ASSIGNED TASK =
In the entries below, find each line with the word "support" and return it.

INFORMATION PROVIDED =
(* Let $p\in\mathbb{T}^{\mathcal{P}([n])}$ be a tropical Wick vector. Then every circuit of $p$ is tropically orthogonal to every cocircuit of $p$.
   Context: $\mathbb{T}=\mathbb{R}\cup\{\infty\}$; $\mathcal{P}([n])$ the set of subsets of $[n]$. A tropical Wick vector is $p\in\mathbb{T}^{\mathcal{P}([n])}$ such that for all $S,T\subseteq[n]$ the minimum $\min_{i\in S\Delta T}(p_{S\Delta\{i\}}+p_{T\Delta\{i\}})$ is attained at least twice or equals $\infty$. Let $\mathcal{J}=\{1,\dots,n,1^*,\dots,n^*\}$ with involution $i\leftrightarrow i^*$. For $S\subseteq[n]$ its extension is the set $\bar S=S\cup\{i^*: i\in[n]\setminus S\}\subseteq\mathcal{J}$, and $\bar p_{\bar S}:=p_S$. For $T\subseteq[n]$ define $c_T\in\mathbb{T}^{\mathcal{J}}$ by $(c_T)_i=\bar p_{\bar T\Delta\{i,i^*\}}$ if $i\in\bar T$ and $\infty$ otherwise, and $c^*_T\in\mathbb{T}^{\mathcal{J}}$ by $(c^*_T)_i=\bar p_{\bar T\Delta\{i,i^*\}}$ if $i\notin\bar T$ and $\infty$ otherwise. A circuit of $p$ is a vector $c_T+\lambda\mathbf{1}$ ($T\subseteq[n]$, $\lambda\in\mathbb{R}$) with nonempty support (support = set of coordinates $\neq\infty$); a cocircuit of $p$ is a vector $c^*_T+\lambda\mathbf{1}$ with nonempty support. Two vectors $x,y\in\mathbb{T}^N$ are tropically orthogonal if $\min_k(x_k+y_k)$ is attained at least twice or equals $\infty$. *)

(* Tropical numbers T = R ∪ {∞} over a real field R,
   encoded as option R with None = ∞. *)
From HB Require Import structures.
From mathcomp Require Import all_boot all_order all_algebra.
Set Implicit Arguments. Unset Strict Implicit. Unset Printing Implicit Defensive.
Import Order.TTheory GRing.Theory Num.Theory.
Local Open Scope ring_scope.

Section Trop.
Variable R : realFieldType.

Definition trop := option R.

(* tropical multiplication = ordinary sum, ∞ absorbing *)
Definition tadd (a b : trop) : trop :=
  match a, b with Some x, Some y => Some (x + y) | _, _ => None end.

Definition tle (a b : trop) : bool :=
  match a, b with
  | _, None => true
  | None, Some _ => false
  | Some x, Some y => x <= y
  end.

Definition min_twice_or_inf (I : finType) (A : {set I}) (f : I -> trop) : Prop :=
  (forall i, i \in A -> f i = None) \/
  exists i j, [/\ i \in A, j \in A, i != j, f i = f j &
                  forall k, k \in A -> tle (f i) (f k)].

Definition symdiff (I : finType) (A B : {set I}) : {set I} := (A :\: B) :|: (B :\: A).

Variable n : nat.

Definition tvec := {set 'I_n} -> trop.

Definition tropical_Wick (p : tvec) : Prop :=
  forall S T : {set 'I_n},
    min_twice_or_inf (symdiff S T) (fun i => tadd (p (symdiff S [set i])) (p (symdiff T [set i]))).

(* J = {1..n, 1*..n*}: inl i is i, inr i is i* *)
Definition J := ('I_n + 'I_n)%type.

Definition star (j : J) : J :=
  match j with inl i => inr i | inr i => inl i end.

Definition ext (S : {set 'I_n}) : {set J} :=
  [set inl i | i in S] :|: [set inr i | i in ~: S].

(* \bar p, defined on extensions (∞ elsewhere; never used there) *)
Definition pbar (p : tvec) (X : {set J}) : trop :=
  match [pick U | ext U == X] with Some U => p U | None => None end.

Definition circ_vec (p : tvec) (T : {set 'I_n}) (j : J) : trop :=
  if j \in ext T then pbar p (symdiff (ext T) [set j; star j]) else None.

Definition cocirc_vec (p : tvec) (T : {set 'I_n}) (j : J) : trop :=
  if j \notin ext T then pbar p (symdiff (ext T) [set j; star j]) else None.

Definition support (x : J -> trop) : {set J} := [set j | x j != None].

Definition is_circuit (p : tvec) (x : J -> trop) : Prop :=
  (exists (T : {set 'I_n}) (lam : R), forall j, x j = tadd (circ_vec p T j) (Some lam))
  /\ support x != set0.

Definition is_cocircuit (p : tvec) (x : J -> trop) : Prop :=
  (exists (T : {set 'I_n}) (lam : R), forall j, x j = tadd (cocirc_vec p T j) (Some lam))
  /\ support x != set0.

Definition trop_orthogonal (x y : J -> trop) : Prop :=
  min_twice_or_inf [set: J] (fun k => tadd (x k) (y k)).

End Trop.

(* The coordinatewise tropical product of the circuit at T and the cocircuit at
   U is finite only on ext T :\: ext U, which the map i |-> (i or i*, whichever
   lies in ext T) identifies with the symmetric difference of T and U.  There
   the product is p(T Δ i) + p(U Δ i) up to a constant shift, so the Wick
   condition for the pair (T, U) is literally the orthogonality condition. *)
From mathcomp Require Import all_boot all_order all_algebra.
Set Implicit Arguments. Unset Strict Implicit. Unset Printing Implicit Defensive.
Import Order.TTheory GRing.Theory Num.Theory.
Local Open Scope ring_scope.

Lemma in_symdiff (I : finType) (A B : {set I}) (x : I) :
  (x \in symdiff A B) = ((x \in A) != (x \in B)).
Proof. by rewrite !inE; case: (x \in A); case: (x \in B). Qed.

Section TropicalArithmetic.
Variable R : realFieldType.

Lemma tadd_None_r (a : trop R) : tadd a None = None.
Proof. by case: a. Qed.

Lemma taddACA_Some (a b : trop R) (l m : R) :
  tadd (tadd a (Some l)) (tadd b (Some m)) = tadd (tadd a b) (Some (l + m)).
Proof. by case: a; case: b => //= x y; rewrite addrACA. Qed.

Lemma tle_tadd2r (a b : trop R) (c : R) :
  tle a b -> tle (tadd a (Some c)) (tadd b (Some c)).
Proof. by case: a; case: b => //= x y; rewrite lerD2r. Qed.

Lemma min_twice_or_inf_transfer (I K : finType) (A : {set I}) (B : {set K})
    (e : I -> K) (f : I -> trop R) (g : K -> trop R) (c : R) :
  injective e -> e @: A \subset B ->
  (forall k, k \in B -> k \notin e @: A -> g k = None) ->
  (forall i, i \in A -> g (e i) = tadd (f i) (Some c)) ->
  min_twice_or_inf A f -> min_twice_or_inf B g.
Proof.
move=> inj_e sub_eAB g_out g_e [f_inf | [i [j [Ai Aj neq_ij eq_fij min_fi]]]].
  left=> k Bk; have [/imsetP [i Ai ->] | /(g_out k Bk) //] := boolP (k \in e @: A).
  by rewrite g_e // f_inf.
right; exists (e i), (e j); split.
- by rewrite (subsetP sub_eAB) ?imset_f.
- by rewrite (subsetP sub_eAB) ?imset_f.
- by rewrite (inj_eq inj_e).
- by rewrite !g_e // eq_fij.
move=> k Bk; have [/imsetP [i' Ai' ->] | /(g_out k Bk) ->] := boolP (k \in e @: A).
  by rewrite !g_e //; apply: tle_tadd2r; apply: min_fi.
by case: (g (e i)).
Qed.

End TropicalArithmetic.

Section Extensions.
Variable n : nat.
Implicit Types (T U : {set 'I_n}) (i : 'I_n) (j k : J n).

Definition idx j : 'I_n := match j with inl i | inr i => i end.

Definition is_inl j : bool := if j is inl _ then true else false.

Definition ext_elt T i : J n := if i \in T then inl i else inr i.

Lemma idx_ext_elt T i : idx (ext_elt T i) = i.
Proof. by rewrite /ext_elt; case: ifP. Qed.

Lemma ext_elt_inj T : injective (ext_elt T).
Proof. exact: can_inj (idx_ext_elt T). Qed.

Lemma in_ext T j : (j \in ext T) = ((idx j \in T) == is_inl j).
Proof.
rewrite /ext in_setU; case: j => i /=.
  rewrite eqb_id mem_imset; last exact: inl_inj.
  by case: (i \in T) => //=; apply/imsetP => -[].
rewrite eqbF_neg -in_setC mem_imset; last exact: inr_inj.
by rewrite orbC; case: (i \in ~: T) => //=; apply/imsetP => -[].
Qed.

Lemma in_ext_elt T U i : (ext_elt T i \in ext U) = ((i \in U) == (i \in T)).
Proof. by rewrite in_ext idx_ext_elt /ext_elt; case: (i \in T). Qed.

Lemma in_ext_eq T j : (j \in ext T) = (j == ext_elt T (idx j)).
Proof.
by rewrite in_ext /ext_elt; case: j => i /=; case: (i \in T); rewrite ?eqxx.
Qed.

Lemma ext_inj : injective (@ext n).
Proof.
move=> U V eq_UV; apply/setP => i.
by have := in_ext U (inl i); rewrite eq_UV in_ext /= !eqb_id.
Qed.

Lemma symdiff_ext T j :
  symdiff (ext T) [set j; star j] = ext (symdiff T [set idx j]).
Proof.
apply/setP => k; rewrite !in_symdiff !in_ext /=.
have -> : (k \in [set j; star j]) = (idx k == idx j).
  by rewrite !inE; case: j; case: k => a b /=; rewrite ?orbF ?orFb.
rewrite in_symdiff in_set1.
by case: (idx k \in T); case: (is_inl k); case: (idx k == idx j).
Qed.

Lemma setD_ext T U : ext T :\: ext U = ext_elt T @: symdiff T U.
Proof.
apply/setP => k; rewrite in_setD [k \in ext T]in_ext_eq.
apply/andP/imsetP => [[notU /eqP kE] | [i TUi ->]].
  exists (idx k); last exact: kE.
  by move: notU; rewrite kE in_ext_elt idx_ext_elt in_symdiff eq_sym.
by rewrite in_ext_elt idx_ext_elt eqxx eq_sym -in_symdiff.
Qed.

Variable R : realFieldType.
Variable p : tvec R n.

Lemma pbar_ext T : pbar p (ext T) = p T.
Proof.
rewrite /pbar; case: pickP => [U /eqP /ext_inj -> // | no_U].
by have := no_U T; rewrite eqxx.
Qed.

Lemma tadd_circ_cocirc T U k :
  tadd (circ_vec p T k) (cocirc_vec p U k) =
  if k \in ext T :\: ext U
  then tadd (p (symdiff T [set idx k])) (p (symdiff U [set idx k]))
  else None.
Proof.
rewrite /circ_vec /cocirc_vec !symdiff_ext !pbar_ext in_setD.
by case: (k \in ext T); case: (k \in ext U); rewrite ?tadd_None_r.
Qed.

End Extensions.

Theorem proposition6p4 (R : realFieldType) (n : nat) (p : tvec R n) :
  tropical_Wick p ->
  forall x y : J n -> trop R,
    is_circuit p x -> is_cocircuit p y -> trop_orthogonal x y.
Proof.
move=> wick x y [[T [l xE]] _] [[U [m yE]] _].
have xyE k : tadd (x k) (y k) =
    tadd (tadd (circ_vec p T k) (cocirc_vec p U k)) (Some (l + m)).
  by rewrite xE yE taddACA_Some.
apply: (min_twice_or_inf_transfer (c := l + m) (ext_elt_inj (T := T)) (subsetT _)
         _ _ (wick T U)).
  by move=> k _; rewrite -setD_ext xyE tadd_circ_cocirc => /negbTE ->.
by move=> i TUi; rewrite xyE tadd_circ_cocirc setD_ext imset_f // idx_ext_elt.
Qed.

RESPONSE AREA =
   Context: $\mathbb{T}=\mathbb{R}\cup\{\infty\}$; $\mathcal{P}([n])$ the set of subsets of $[n]$. A tropical Wick vector is $p\in\mathbb{T}^{\mathcal{P}([n])}$ such that for all $S,T\subseteq[n]$ the minimum $\min_{i\in S\Delta T}(p_{S\Delta\{i\}}+p_{T\Delta\{i\}})$ is attained at least twice or equals $\infty$. Let $\mathcal{J}=\{1,\dots,n,1^*,\dots,n^*\}$ with involution $i\leftrightarrow i^*$. For $S\subseteq[n]$ its extension is the set $\bar S=S\cup\{i^*: i\in[n]\setminus S\}\subseteq\mathcal{J}$, and $\bar p_{\bar S}:=p_S$. For $T\subseteq[n]$ define $c_T\in\mathbb{T}^{\mathcal{J}}$ by $(c_T)_i=\bar p_{\bar T\Delta\{i,i^*\}}$ if $i\in\bar T$ and $\infty$ otherwise, and $c^*_T\in\mathbb{T}^{\mathcal{J}}$ by $(c^*_T)_i=\bar p_{\bar T\Delta\{i,i^*\}}$ if $i\notin\bar T$ and $\infty$ otherwise. A circuit of $p$ is a vector $c_T+\lambda\mathbf{1}$ ($T\subseteq[n]$, $\lambda\in\mathbb{R}$) with nonempty support (support = set of coordinates $\neq\infty$); a cocircuit of $p$ is a vector $c^*_T+\lambda\mathbf{1}$ with nonempty support. Two vectors $x,y\in\mathbb{T}^N$ are tropically orthogonal if $\min_k(x_k+y_k)$ is attained at least twice or equals $\infty$. *)
Definition support (x : J -> trop) : {set J} := [set j | x j != None].
  /\ support x != set0.
  /\ support x != set0.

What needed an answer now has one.